Il giorno della festa, tutti gli organizzatori, con in testa il gentil sesso, sfilarono lungo i Corsi principali, preceduti dalla banda musicale. Lungo il percorso veniva offerto in vendita il simbolico fiore.
Da segnalare l’idea veramente geniale della maestra Marietta Giangrasso Girgenti che schierò una squadra di 14 fanciulle, sue allieve, vestite in abito tricolore. Il loro movimento dava la sensazione dello sbandieramento del nostro tricolore.
L’attività del Comitato “Pro Patria” non si limitò solo alla organizzazione di pomeriggi o serate di beneficenza, di lotterie e di sorteggi, ma fece sì che cominciasse a funzionare anche un ufficio di informazione e di assistenza per le famiglie dei richiamati che aveva sede nel Corso Umberto I.
Tra la fine di giugno e l’inizio di luglio – ad appena un mese dal principio delle ostilità – arrivarono i primi feriti (Nicolò Di Bella e Vincenzo Morana).
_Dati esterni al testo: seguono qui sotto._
(* (i) For every $n\ge 1$, the chain triangular cactus $T_n$ of length $n$ satisfies $s(T_n)=\lfloor (n-2)/2\rfloor+2$. (ii) For every $n\ge 1$, a chain square cactus $O_n$ of length $n$ satisfies $s(O_n)=n+1$.
   Context: The saturation number $s(G)$ is the minimum cardinality of a maximal matching (a set of pairwise vertex-disjoint edges not properly contained in another such set) of $G$. A cactus is a connected graph in which no edge lies in more than one cycle. A triangular cactus is a cactus all of whose blocks are triangles; a chain triangular cactus of length $n$ is a triangular cactus with $n$ triangles in which each triangle has at most two cut-vertices and each cut-vertex is shared by exactly two triangles (equivalently, triangles $B_1,\dots,B_n$ where $B_i$ and $B_{i+1}$ share exactly one vertex and no other pairs share vertices); it has $2n+1$ vertices and $3n$ edges. A chain square cactus $O_n$ of length $n$ is defined in the same way with every triangle replaced by a $4$-cycle $C_4$ (consecutive $4$-cycles sharing exactly one vertex, each cut-vertex shared by exactly two blocks). *)

From HB Require Import structures.
From mathcomp Require Import all_boot all_order all_algebra.
Set Implicit Arguments. Unset Strict Implicit. Unset Printing Implicit Defensive.

(* A (simple) graph is given by a finite vertex type V and an adjacency
   relation e : rel V.  Edges are the 2-element sets {x, y} with e x y. *)
Definition edge_set (V : finType) (e : rel V) : {set {set V}} :=
  [set E : {set V} | [exists x, exists y, e x y && (E == [set x; y])]].

Definition is_matching (V : finType) (e : rel V) (M : {set {set V}}) : bool :=
  (M \subset edge_set e) &&
  [forall E1 in M, forall E2 in M, (E1 != E2) ==> [disjoint E1 & E2]].

Definition maximal_matching (V : finType) (e : rel V) (M : {set {set V}}) : bool :=
  is_matching e M &&
  [forall M' : {set {set V}}, (M \proper M') ==> ~~ is_matching e M'].

(* Saturation number s(G): minimum cardinality of a maximal matching.
   (The default value #|V| is never used since the empty set extends to
   some maximal matching.) *)
Definition sat_num (V : finType) (e : rel V) : nat :=
  \big[minn/#|V|]_(M : {set {set V}} | maximal_matching e M) #|M|.

(* A chain cactus of length n whose blocks are k-cycles: blocks
   B_0,...,B_{n-1}, each given as a duplicate-free cyclic sequence of k
   vertices (the cycle B(0) B(1) ... B(k-1) B(0)); consecutive blocks share
   exactly one vertex, non-consecutive blocks are disjoint, every vertex lies
   in some block, and the edges of the graph are exactly the cycle edges of
   the blocks. *)
Definition chain_cactus (k n : nat) (V : finType) (e : rel V) : Prop :=
  exists B : 'I_n -> k.-tuple V,
  [/\ forall i, uniq (B i),
      forall i j : 'I_n, nat_of_ord j = i.+1 ->
        #|[set x | (x \in (B i : seq V)) && (x \in (B j : seq V))]| = 1,
      forall i j : 'I_n, i.+1 < j ->
        forall x, ~~ ((x \in (B i : seq V)) && (x \in (B j : seq V))),
      forall x, exists i, x \in (B i : seq V)
    & forall x y, e x y =
        [exists i, (x \in (B i : seq V)) &&
                   ((next (B i) x == y) || (next (B i) y == x))]].

Definition chain_triangular_cactus (n : nat) (V : finType) (e : rel V) : Prop :=
  chain_cactus 3 n e.

Definition chain_square_cactus (n : nat) (V : finType) (e : rel V) : Prop :=
  chain_cactus 4 n e.

From HB Require Import structures.
From mathcomp Require Import all_boot all_order all_algebra.
From mathcomp Require Import zify.
Set Implicit Arguments. Unset Strict Implicit. Unset Printing Implicit Defensive.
La Commissione portò loro il saluto della cittadinanza, confermando il massimo aiuto agli stessi e alle loro famiglie.
“Le donne del vicinato accorse – come scriveva il Giornale di Sicilia del 10-11 luglio 1915 – riconobbero nei signori della “Pro Patria”chiddi chi scrivinu i littri pi’ surdati, e magnificarono l’opera di questo Comitato ricolmandolo di benedizioni: U Signuri cci l’avi a fari chiddu chi fannu pi’ nuatri poviri matri”.
Per completare l’elenco delle iniziative intraprese durante il periodo della guerra, non posso non accennare a quella della principessa Sofia Lanza di Trabia, la quale, già nota per le sue opere di carità, volle far conoscere alla cittadinanza che, per tutta la durata della guerra, avrebbe somministrato a tutti i figli dei richiamati la colazione e il pranzo.